关于在佩吉特病中检测副粘病毒转录本的结果存在矛盾,一种可能的解释是用于检测病毒的逆转录聚合酶链反应(RT-PCR)方法的灵敏度存在差异。在一项盲法研究中,我们没有发现证据表明未能检测到病毒转录本的实验室的RT-PCR检测方法灵敏度较低,并且我们使用评估的最灵敏检测方法在佩吉特病样本中未检测到麻疹或犬瘟热转录本。
关于持续性副粘病毒感染在骨佩吉特病(PDB)中可能起的作用存在相互矛盾的证据。一些研究人员在PDB患者的细胞和组织中检测到了麻疹病毒(MV)或犬瘟热病毒(CDV)转录本,但其他研究人员未能证实这一发现。一种可能的解释可能是用于检测病毒的RT-PCR方法的灵敏度存在差异。在这里,我们对不同实验室中基于RT-PCR的不同技术检测MV和CDV的灵敏度进行了盲法比较,并使用最灵敏的检测方法筛查来自PDB患者的骨和血样中病毒转录本的证据。
参与研究的实验室分析了添加已知量MV和CDV转录本的样本以及不含病毒核酸的对照样本。所有分析均在盲法基础上进行。

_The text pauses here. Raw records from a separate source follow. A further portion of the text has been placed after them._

(* For all runtime type environments $\Delta_1,\Delta_2$: if $\mathsf{safe}(\Delta_1)$, $\mathsf{safe}(\Delta_2)$, $\mathrm{snames}(\Delta_1)\cap\mathrm{snames}(\Delta_2)=\emptyset$, and the disjoint union $\Delta_1,\Delta_2$ is defined, then $\mathsf{safe}(\Delta_1,\Delta_2)$.
   Context: Session types: $S ::= \oplus\mathtt{p}\{\ell_i(A_i).S_i\}_{i\in I} \mid \&\mathtt{p}\{\ell_i(A_i).S_i\}_{i\in I} \mid \mu X.S \mid X \mid \mathsf{end}$, where $\mathtt{p},\mathtt{q}$ range over roles, $\ell$ over message labels and $A$ over payload types (compared by syntactic equality). Recursive session types are treated equi-recursively. Queue types are $Q ::= \epsilon \mid (\mathtt{p}\to\mathtt{q} : \ell(A))\cdot Q$, identified up to the congruence $\equiv$ that swaps two adjacent entries $(\mathtt{p}_1\to\mathtt{q}_1:\ell_1(A_1))$ and $(\mathtt{p}_2\to\mathtt{q}_2:\ell_2(A_2))$ whenever $\mathtt{p}_1\neq\mathtt{p}_2$ or $\mathtt{q}_1\neq\mathtt{q}_2$. A runtime type environment $\Delta$ is a finite collection of entries of the forms: actor name $a$; access point name $p$; polarised initialisation token $\iota^{+}:S$ or $\iota^{-}:S$; session endpoint $s[\mathtt{p}]:S$; session queue $s:Q$; each entry's subject occurs at most once, and $\Delta_1,\Delta_2$ denotes disjoint union (defined only when the subjects are disjoint). The congruence $\equiv$ on queue types extends to environments. Labelled transitions on environments ($j\in I$ where applicable): (Send) $\Delta, s[\mathtt{p}]:\oplus\mathtt{q}\{\ell_i(A_i).S_i\}_{i\in I}, s:Q \to \Delta, s[\mathtt{p}]:S_j, s:Q\cdot(\mathtt{p}\to\mathtt{q}:\ell_j(A_j))$; (Recv) $\Delta, s[\mathtt{p}]:\&\mathtt{q}\{\ell_i(A_i).S_i\}_{i\in I}, s:(\mathtt{q}\to\mathtt{p}:\ell_j(A_j))\cdot Q \to \Delta, s[\mathtt{p}]:S_j, s:Q$; (End) $\Delta, s[\mathtt{p}]:\mathsf{end} \to \Delta$; (Rec) $\Delta, s[\mathtt{p}]:\mu X.S \to \Delta'$ whenever $\Delta, s[\mathtt{p}]:S\{\mu X.S/X\}\to\Delta'$. Write $\Delta \Longrightarrow \Delta'$ if $\Delta\equiv\Delta_a\to\Delta_b\equiv\Delta'$ for some $\Delta_a,\Delta_b$. The predicate $\mathsf{safe}$ is the largest predicate on environments such that $\mathsf{safe}(\Delta)$ implies: (i) if $\Delta=\Delta_0, s[\mathtt{p}]:\&\mathtt{q}\{\ell_i(A_i).S_i\}_{i\in I}, s:Q$ with $Q\equiv(\mathtt{q}\to\mathtt{p}:\ell_j(B_j))\cdot Q'$, then $j\in I$ and $B_j=A_j$; (ii) if $\Delta=\Delta_0, s[\mathtt{p}]:\mu X.S$ then $\mathsf{safe}(\Delta_0, s[\mathtt{p}]:S\{\mu X.S/X\})$; (iii) if $\Delta\Longrightarrow\Delta'$ then $\mathsf{safe}(\Delta')$. The set of session names of an environment is $\mathrm{snames}(\Delta)=\{s \mid s:Q\in\Delta \text{ for some } Q, \text{ or } s[\mathtt{p}]\in\mathrm{dom}(\Delta)\text{ for some role }\mathtt{p}\}$. *)

From Stdlib Require Import List Permutation Relations.
Import ListNotations.
Lemma is_partition_map_succn q : is_partition (map succn q) = sorted geq q.
Proof. by rewrite /is_partition sorted_map all_map (@eq_all _ _ predT) ?all_predT ?andbT. Qed.

Lemma perimeter_rcons1 q :
  is_partition q -> q != [::] -> perimeter (rcons q 1) = (perimeter q).+1.
Proof.
case: q => [|x q] // /andP[_ /andP[x_gt0 _]] _.
have : x <= alpha (x :: q) by rewrite part_le_alpha ?mem_head.
rewrite /perimeter /lambda alpha_rcons size_rcons; lia.
Qed.

Lemma perimeter_map_succn q : q != [::] -> perimeter (map succn q) = (perimeter q).+1.
Proof.
by case: q => [|x q] // q_ne0; rewrite /perimeter /lambda alpha_map_succn //= size_map; lia.
Qed.

Lemma part_le_perimeter p x : x \in p -> x <= perimeter p.
Proof.
case: p => [|y p] // xp; have := part_le_alpha xp.
rewrite /perimeter /lambda /=; lia.
Qed.

Lemma size_le_perimeter p : is_partition p -> size p <= perimeter p.
Proof.
case: p => [|x p] // /andP[_ /= /andP[x_gt0 _]].
have : x <= alpha (x :: p) by rewrite part_le_alpha ?mem_head.
rewrite /perimeter /lambda /=; lia.
Qed.

Lemma partition_mem1_rcons p : is_partition p -> 1 \in p -> exists q, p = rcons q 1.
Proof.
case/lastP: p => [|q x] // part_qx one_in; exists q; suff -> : x = 1 by [].
move: part_qx one_in; rewrite /is_partition (sorted_pairwise geq_trans) -cats1.
rewrite pairwise_cat allrel1r all_cat /= => /and4P[/andP[ge_x _] _ x_gt0 _].
rewrite mem_cat inE => one_in; apply/eqP; rewrite eqn_leq x_gt0 andbT.
by case/orP: one_in => [/(allP ge_x)|/eqP ->].
Qed.

Lemma partition_notin1_map_succn p :
  is_partition p -> 1 \notin p -> exists2 q, p = map succn q & is_partition q.
Proof.
case/andP=> sorted_p pos_p one_notin; exists (map predn p).
  rewrite -map_comp map_id_in // => x xp /=; rewrite prednK //; exact: (allP pos_p).
have parts_gt1 x : x \in p -> 1 < x.
  move=> xp; rewrite ltn_neqAle (allP pos_p x xp) andbT.
  by apply: contraNneq one_notin => ->.
apply/andP; split.
  apply: (homo_sorted_in _ pos_p sorted_p) => x y _ _ /=.
  by rewrite -!subn1; apply: leq_sub2r.
by rewrite all_map; apply/allP => x /parts_gt1 /=; case: x.
Qed.

Fixpoint perimeter_partitions (n : nat) : seq (seq nat) :=
  match n with
  | 0 => [::]
  | 1 => [:: [:: 1]]
  | m.+1 => [seq rcons p 1 | p <- perimeter_partitions m] ++
            [seq map succn p | p <- perimeter_partitions m]
  end.

Lemma perimeter_partitionsSS n :
  perimeter_partitions n.+2 =
  [seq rcons p 1 | p <- perimeter_partitions n.+1] ++
  [seq map succn p | p <- perimeter_partitions n.+1].
Proof. by []. Qed.

Lemma perimeter1_partition p : is_partition p -> perimeter p = 1 -> p = [:: 1].
Proof.
move=> part_p per_p; have := size_le_perimeter part_p; rewrite per_p.
case: p part_p per_p => [|x [|y p]] //; first by rewrite perimeter_nil.
by rewrite /perimeter /lambda alpha_cons /alpha big_nil maxn0 addnK => _ ->.
Qed.

Lemma mem_perimeter_partitions n p : 0 < n ->
  (p \in perimeter_partitions n) = is_partition p && (perimeter p == n).
Proof.
elim: n p => [|[|n] IH] p // _.
  rewrite inE; apply/eqP/andP => [-> | [part_p /eqP]]; last exact: perimeter1_partition.
  by rewrite /perimeter /lambda alpha_cons /alpha big_nil.
have partitionsP q : q \in perimeter_partitions n.+1 ->
    [/\ is_partition q, perimeter q = n.+1 & q != [::]].
  rewrite IH // => /andP[part_q /eqP per_q]; split=> //.
  by apply: contra_eq_neq per_q => ->; rewrite perimeter_nil.
rewrite perimeter_partitionsSS mem_cat; apply/orP/andP => [[]|[part_p /eqP per_p]].
- case/mapP=> q /partitionsP[part_q per_q q_ne0] ->.
  by rewrite is_partition_rcons1 perimeter_rcons1 ?per_q.
- case/mapP=> q /partitionsP[part_q per_q q_ne0] ->.
  by rewrite is_partition_map_succn perimeter_map_succn ?per_q //; case/andP: part_q.
have p_ne0 : p != [::] by apply: contra_eq_neq per_p => ->; rewrite perimeter_nil.
case: (boolP (1 \in p)) => [one_in | one_notin].
  have [q def_p] := partition_mem1_rcons part_p one_in.
  have q_ne0 : q != [::].
    by apply: contra_eq_neq per_p; rewrite def_p => ->; rewrite /perimeter /alpha big_cons big_nil.
  left; apply/mapP; exists q => //.
  move: part_p per_p; rewrite def_p is_partition_rcons1 => part_q.
  by rewrite IH // part_q perimeter_rcons1 // => /succn_inj/eqP.
have [q def_p part_q] := partition_notin1_map_succn part_p one_notin.
have q_ne0 : q != [::] by apply: contraNneq p_ne0; rewrite def_p => ->.
right; apply/mapP; exists q => //; move: per_p.
by rewrite IH // part_q def_p perimeter_map_succn // => /succn_inj/eqP.
Qed.

Lemma perimeter_partitions_uniq n : uniq (perimeter_partitions n).
Proof.
elim: n => [|[|n] IH] //; rewrite perimeter_partitionsSS cat_uniq.
rewrite (map_inj_uniq (@rcons_injl _ 1)) (map_inj_uniq (inj_map succn_inj)) IH andbT andTb.
apply/hasPn => _ /mapP[q q_in ->]; apply/negP => /mapP[q' _ /(congr1 (fun s => 1 \in s))].
rewrite mem_rcons mem_head (mem_map succn_inj _ 0) => zero_in.
by move: q_in; rewrite mem_perimeter_partitions // => /andP[/andP[_ /allP/(_ 0 zero_in)]].
Qed.

Lemma r_perimeter_partitions n (P : pred (seq nat)) :
  0 < n -> r n P = count P (perimeter_partitions n).
Proof.
move=> n_gt0; pose Q p := [&& is_partition p, perimeter p == n & P p].
have -> : count P (perimeter_partitions n) = count Q (perimeter_partitions n).
  by apply: eq_in_count => p; rewrite mem_perimeter_partitions // /Q => /andP[-> ->].
apply: card_bseq_map_val (perimeter_partitions_uniq n) _ _ => p.
  by case/and3P=> part_p per_p _; rewrite mem_perimeter_partitions // part_p per_p.
rewrite mem_perimeter_partitions // => /andP[part_p /eqP <-].
by rewrite size_le_perimeter //=; apply/allP => x /part_le_perimeter.
Qed.

Definition num_odd_part_sizes (s : seq nat) : nat := count odd (undup s).

Lemma perm_count_part_sizes (a : nat -> nat -> bool) s t : perm_eq s t ->
  count (fun x => a x (count_mem x s)) (undup s) =
  count (fun x => a x (count_mem x t)) (undup t).
Proof.
move=> st; rewrite (permP (perm_undup (perm_mem st))).
by apply: eq_count => x; rewrite (permP st).
Qed.

Lemma num_even_part_sizes_rcons s x :
  num_even_part_sizes (rcons s x) = num_even_part_sizes s + (~~ odd x && (x \notin s)).
Proof.
rewrite /num_even_part_sizes.
rewrite (perm_count_part_sizes (fun y _ => ~~ odd y) (permEl (perm_rcons x s))).
by rewrite /=; case: ifP => _; rewrite ?andbF ?andbT ?addn0 // addnC.
Qed.

Lemma num_odd_part_sizes_rcons s x :
  num_odd_part_sizes (rcons s x) = num_odd_part_sizes s + (odd x && (x \notin s)).
Proof.
rewrite /num_odd_part_sizes.
rewrite (perm_count_part_sizes (fun y _ => odd y) (permEl (perm_rcons x s))).
by rewrite /=; case: ifP => _; rewrite ?andbF ?andbT ?addn0 // addnC.
Qed.

Lemma num_repeated_part_sizes_rcons s x :
  num_repeated_part_sizes (rcons s x) = num_repeated_part_sizes s + (count_mem x s == 1).
Proof.
rewrite /num_repeated_part_sizes.
rewrite (perm_count_part_sizes (fun _ c => 2 <= c) (permEl (perm_rcons x s))) /=.
have off_x u : x \notin u ->
    count (fun y => 2 <= (x == y) + count_mem y s) u = count (fun y => 2 <= count_mem y s) u.
  move=> x_notin; apply: eq_in_count => y y_in.
  by rewrite (_ : x == y = false) //; apply: contraNF x_notin => /eqP ->.
case: ifP => [xs | /negbT xs]; last first.
  by rewrite /= eqxx (count_memPn xs) off_x ?mem_undup //= addn0.
have xu : x \in undup s by rewrite mem_undup.
rewrite !(permP (perm_to_rem xu)) /= eqxx off_x ?mem_rem_uniqF ?undup_uniq //.
have := xs; rewrite -has_pred1 has_count.
by case: (count_mem x s) => [|[|c]] //= _; rewrite addnAC.
Qed.

Lemma num_even_part_sizes_map_succn s :
  num_even_part_sizes (map succn s) = num_odd_part_sizes s.
Proof.
rewrite /num_even_part_sizes undup_map_inj ?count_map; last exact: succn_inj.
by apply: eq_count => x /=; rewrite negbK.
Qed.

Lemma num_odd_part_sizes_map_succn s :
  num_odd_part_sizes (map succn s) = num_even_part_sizes s.
Proof. by rewrite /num_odd_part_sizes undup_map_inj ?count_map //; apply: succn_inj. Qed.

Lemma num_repeated_part_sizes_map_inj f s : injective f ->
  num_repeated_part_sizes (map f s) = num_repeated_part_sizes s.
Proof.
move=> inj_f; rewrite /num_repeated_part_sizes undup_map_inj // count_map.
by apply: eq_count => x /=; rewrite count_map (eq_count (a2 := pred1 x)) // => y /=; rewrite inj_eq.
Qed.

Definition odd_profile (p : seq nat) : nat * bool := (num_odd_part_sizes p, 1 \in p).

(* A single part 1 counts as repeated: appending another 1 makes it so. *)
Definition repeated_profile (p : seq nat) : nat * bool :=
  (num_repeated_part_sizes p + (count_mem 1 p == 1), 1 \in p).

Definition append1_profile (a : nat * bool) : nat * bool := (a.1 + ~~ a.2, true).

Lemma num_even_part_sizes_rcons1 p :
  num_even_part_sizes (rcons p 1) = num_even_part_sizes p.
Proof. by rewrite num_even_part_sizes_rcons addn0. Qed.

Lemma num_repeated_part_sizes_rcons1 p :
  num_repeated_part_sizes (rcons p 1) = (repeated_profile p).1.
Proof. exact: num_repeated_part_sizes_rcons. Qed.

Lemma odd_profile_rcons1 p : odd_profile (rcons p 1) = append1_profile (odd_profile p).
Proof. by rewrite /odd_profile num_odd_part_sizes_rcons mem_rcons mem_head. Qed.

Lemma repeated_profile_rcons1 p :
  repeated_profile (rcons p 1) = append1_profile (repeated_profile p).
Proof.
rewrite /repeated_profile num_repeated_part_sizes_rcons mem_rcons mem_head /=.
by rewrite -cats1 count_cat /= addn1 eqSS eqn0Ngt -has_count has_pred1.
Qed.

Lemma odd_profile_map_succn p :
  0 \notin p -> odd_profile (map succn p) = (num_even_part_sizes p, false).
Proof.
by move=> p0; rewrite /odd_profile num_odd_part_sizes_map_succn (mem_map succn_inj _ 0) (negbTE p0).
Qed.

Lemma repeated_profile_map_succn p :
  0 \notin p -> repeated_profile (map succn p) = (num_repeated_part_sizes p, false).
Proof.
move=> p0; have one_notin : 1 \notin map succn p by rewrite (mem_map succn_inj _ 0).
rewrite /repeated_profile num_repeated_part_sizes_map_inj; last exact: succn_inj.
by rewrite (count_memPn one_notin) addn0 (negbTE one_notin).
Qed.

Lemma partition_notin0 p : is_partition p -> 0 \notin p.
Proof. by case/andP=> _ /allP pos_p; apply/negP => /pos_p. Qed.

Lemma perimeter_partitions_equidistributed n : 0 < n ->
  perm_eq [seq num_even_part_sizes p | p <- perimeter_partitions n]
          [seq num_repeated_part_sizes p | p <- perimeter_partitions n] /\
  perm_eq [seq odd_profile p | p <- perimeter_partitions n]
          [seq repeated_profile p | p <- perimeter_partitions n].
Proof.
elim: n => [|[|n] IH] // _.
have [IH_even IH_odd] := IH isT; set L := perimeter_partitions n.+1.
have notin0 : {in L, forall p, 0 \notin p}.
  by move=> p; rewrite mem_perimeter_partitions // => /andP[/partition_notin0].
rewrite perimeter_partitionsSS !map_cat -!map_comp.
rewrite (eq_map num_even_part_sizes_rcons1) (eq_map num_repeated_part_sizes_rcons1).
rewrite (eq_map odd_profile_rcons1) (eq_map repeated_profile_rcons1).
rewrite (eq_map num_even_part_sizes_map_succn).
rewrite (eq_map (fun p => num_repeated_part_sizes_map_inj p succn_inj)).
have odd_succn : {in L, forall p, odd_profile (map succn p) = (num_even_part_sizes p, false)}.
  by move=> p /notin0/odd_profile_map_succn.
have repeated_succn :
    {in L, forall p, repeated_profile (map succn p) = (num_repeated_part_sizes p, false)}.
  by move=> p /notin0/repeated_profile_map_succn.
rewrite ((eq_in_map _ _ _).1 odd_succn) ((eq_in_map _ _ _).1 repeated_succn).
split; last first.
  apply: perm_cat; last by move: (perm_map (pair^~ false) IH_even); rewrite -!map_comp.
  by move: (perm_map append1_profile IH_odd); rewrite -!map_comp.
rewrite perm_catC; apply: perm_cat _ IH_even.
by move: (perm_map fst IH_odd); rewrite -!map_comp.
Qed.

Theorem theorem1p1 (n j : nat) : 1 <= n -> FO2 j n = FD2 j n.
Proof.
move=> n_gt0; rewrite /FO2 /FD2 !r_perimeter_partitions //.
have [even_repeated _] := perimeter_partitions_equidistributed n_gt0.
by have := permP even_repeated (pred1 j); rewrite !count_map.
Qed.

在三个实验室(阿伯丁、贝尔法斯特和利物浦),CDV的检测限为1000个病毒转录本,在另一个实验室(曼彻斯特)为10000个转录本。MV的检测限在一个实验室(国家生物标准与控制研究所,NIBSC)为16个转录本,在两个实验室(阿伯丁和贝尔法斯特)为1000个转录本,在两个实验室(利物浦和曼彻斯特)为10000个转录本。一个美国研究小组之前用于检测PDB中MV转录本的检测方法灵敏度为1000个转录本。一个实验室(曼彻斯特)在一个阴性对照和两个添加了MV的样本中检测到了CDV转录本。其他实验室对MV或CDV均未出现假阳性结果,并且使用针对MV和CDV的最灵敏RT-PCR检测方法分析12个PDB样本时未发现病毒转录本的证据。
我们发现不同实验室使用的RT-PCR检测方法在检测CDV和MV转录本的灵敏度方面存在差异,但没有发现证据表明之前未能检测到病毒转录本的实验室的RT-PCR检测方法比检测到病毒转录本的实验室的灵敏度低。一个实验室出现了假阳性结果,并且我们使用评估的最灵敏检测方法在PDB样本中未能检测到副粘病毒转录本。我们的结果表明,一些实验室未能检测到病毒转录本不太可能是由检测方法灵敏度问题导致的,并突出了一个事实,即当通过基于灵敏RT-PCR的技术寻找病原体时,污染可能是一个问题。